Sunbeamland is the name for a manufacturing complex close to the centre of Wolverhampton, near England's "Black Country". Sunbeamland is where John Marston, a design engineer and entrepreneur, developed several large clusters of factory buildings.  The name "Sunbeamland" is derived from the Sunbeam range of motorcycles. A mile south of Sunbeamland, in Blakenhall, lies the Sunbeam Motor Car Company and Villiers Engineering, which became two of Wolverhampton's most important industries.

Sunbeamland - Sunbeam Cycle Works

Sunbeamland was John Marston Limited's bicycle and motorcycle factory on Wolverhampton's Paul Street fronting onto the Penn Road island now that the other side of the street has been cleared. They were built on the site of Edward Perry's Jeddo Works, which Marston had bought from Perry's estate in 1871.

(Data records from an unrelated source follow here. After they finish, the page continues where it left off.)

Lemma zt_pdot_roots_odd (s t : 'S_4) (e1 e2 e3 f1 f2 f3 : bool) :
  ~~ odd_perm s -> ~~ odd_perm t ->
  zt_odd (zt_pdot (root_code tau'_code tau_code e1 e2 e3)
                  (root_code tau_code tau'_code f1 f2 f3) (perm_code (s^-1 * t)%g)).
Proof.
move=> s_even t_even.
have := allP f4_pdot_roots _ (perm_code_permutation (s^-1 * t)%g).
by rewrite -odd_perm_inversions odd_permM odd_permV (negPf s_even) (negPf t_even) /zt_odd zt_mod2_pdot.
Qed.

Section RootsOfH4.
Variable R : rcfType.

Lemma sgn_sqr (e : bool) : sgn R e ^+ 2 = 1.
Proof. by rewrite /sgn -exprM mulnC exprM sqrrN expr1n expr1n. Qed.

Lemma tau'_tau_sqr : tau' R ^+ 2 + tau R ^+ 2 = 3.
Proof. by rewrite tau'E sqrrB tau_sqr; ring. Qed.

Lemma dot_root (s : 'S_4) (e1 e2 e3 : bool) (x y : R) :
  x ^+ 2 + y ^+ 2 = 3 ->
  let v := permv s (vec4 0 (sgn R e1 / 2) (sgn R e2 * x / 2) (sgn R e3 * y / 2)) in
  dot v v = 1.
Proof.
move=> xy_sqr /=; rewrite dot_permv dot_vec4.
have -> : 0 * 0 + sgn R e1 / 2 * (sgn R e1 / 2) + sgn R e2 * x / 2 * (sgn R e2 * x / 2)
    + sgn R e3 * y / 2 * (sgn R e3 * y / 2)
  = (sgn R e1 ^+ 2 + sgn R e2 ^+ 2 * x ^+ 2 + sgn R e3 ^+ 2 * y ^+ 2) / 4 by field.
by rewrite !sgn_sqr !mul1r -addrA xy_sqr; field.
Qed.

Lemma root_code_eval (x y : zt) (e1 e2 e3 : bool) (j : nat) :
  2 * [:: 0; sgn R e1 / 2; sgn R e2 * zt_eval R x / 2; sgn R e3 * zt_eval R y / 2]`_j
  = zt_eval R (nth (0, 0) (root_code x y e1 e2 e3) j).
Proof.
case: j => [|[|[|[|j]]]] /=; rewrite ?zt_eval_sign ?zt_eval_int; try by field.
by rewrite !nth_nil zt_eval_int mulr0.
Qed.

Lemma four_dot_roots (s t : 'S_4) (x y x' y' : zt) (e1 e2 e3 f1 f2 f3 : bool) :
  4 * dot (permv s (vec4 0 (sgn R e1 / 2) (sgn R e2 * zt_eval R x / 2) (sgn R e3 * zt_eval R y / 2)))
          (permv t (vec4 0 (sgn R f1 / 2) (sgn R f2 * zt_eval R x' / 2) (sgn R f3 * zt_eval R y' / 2)))
  = zt_eval R (zt_pdot (root_code x y e1 e2 e3) (root_code x' y' f1 f2 f3)
                       (perm_code (s^-1 * t)%g)).
Proof.
rewrite dot_permv2 dotE sum4 !mxE !inordK // /zt_pdot /=.
rewrite !zt_evalD !zt_evalM -!root_code_eval !zt_eval_sign !zt_eval_int.
by field.
Qed.

End RootsOfH4.

Lemma refl_refl_infinite_order (R : rcfType) (a b : 'rV[R]_4) (X : zt) :
  dot a a = 1 -> dot b b = 1 -> zt_odd X -> 4 * dot a b = zt_eval R X ->
  infinite_order (fun x => refl a (refl b x)).
Proof.
move=> a_unit b_unit X_odd X_eq n n_gt0; exists a => fix_a.
set U := zt_sub (zt_mul X X) (8, 0).
have U_eq : 4 * (4 * dot a b ^+ 2 - 2) = zt_eval R U.
  by rewrite zt_evalB zt_evalM -X_eq zt_eval_int; ring.
have U_odd : zt_odd U by rewrite zt_odd_sub_even //; apply: zt_odd_mul.
have := recurrence_neq1 (d := fun m => dot (iter m (fun x => refl a (refl b x)) a) a)
  U_eq a_unit (dot_rotation b a_unit) (dot_iter_rotation_rec a_unit b_unit) U_odd n_gt0.
by rewrite /= fix_a a_unit eqxx.
Qed.

Lemma Deltadot_DeltaC (R : rcfType) (v : 'rV[R]_4) :
  Deltadot v -> DeltaC (tau' R) (tau R) v.
Proof.
case=> [[v_A | [v_B | //]] v_notK]; case: v_notK; first by split; left.
by split; right; left.
Qed.

Lemma Deltadot'_DeltaC (R : rcfType) (v : 'rV[R]_4) :
  Deltadot' v -> DeltaC (tau R) (tau' R) v.
Proof.
case=> [[v_A | [v_B | //]] v_notK]; case: v_notK; first by split; left.
by split; right; left.
Qed.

The building, disused since the late 1990s, was declined Listed Building status by English Heritage but Wolverhampton City Council provided their own local 'listed' status.  Work has since begun to convert the building into apartments.

Villiers Engineering Works - Blakenhall

Villiers Engineering's first premises were a mile south of Sunbeamland in Blakenhall. They had been Edward Bullifant's Blakenhall Tin and Japan works premises on the east side of Upper Villiers Street close to St Luke's church. They were bought by John Marston in 1898 to house a new business to be run by Marston's son to make components for Sunbeam cycles. The son bought the business from his father in 1902. Just before the First World War they began to make small two-stroke petrol engines.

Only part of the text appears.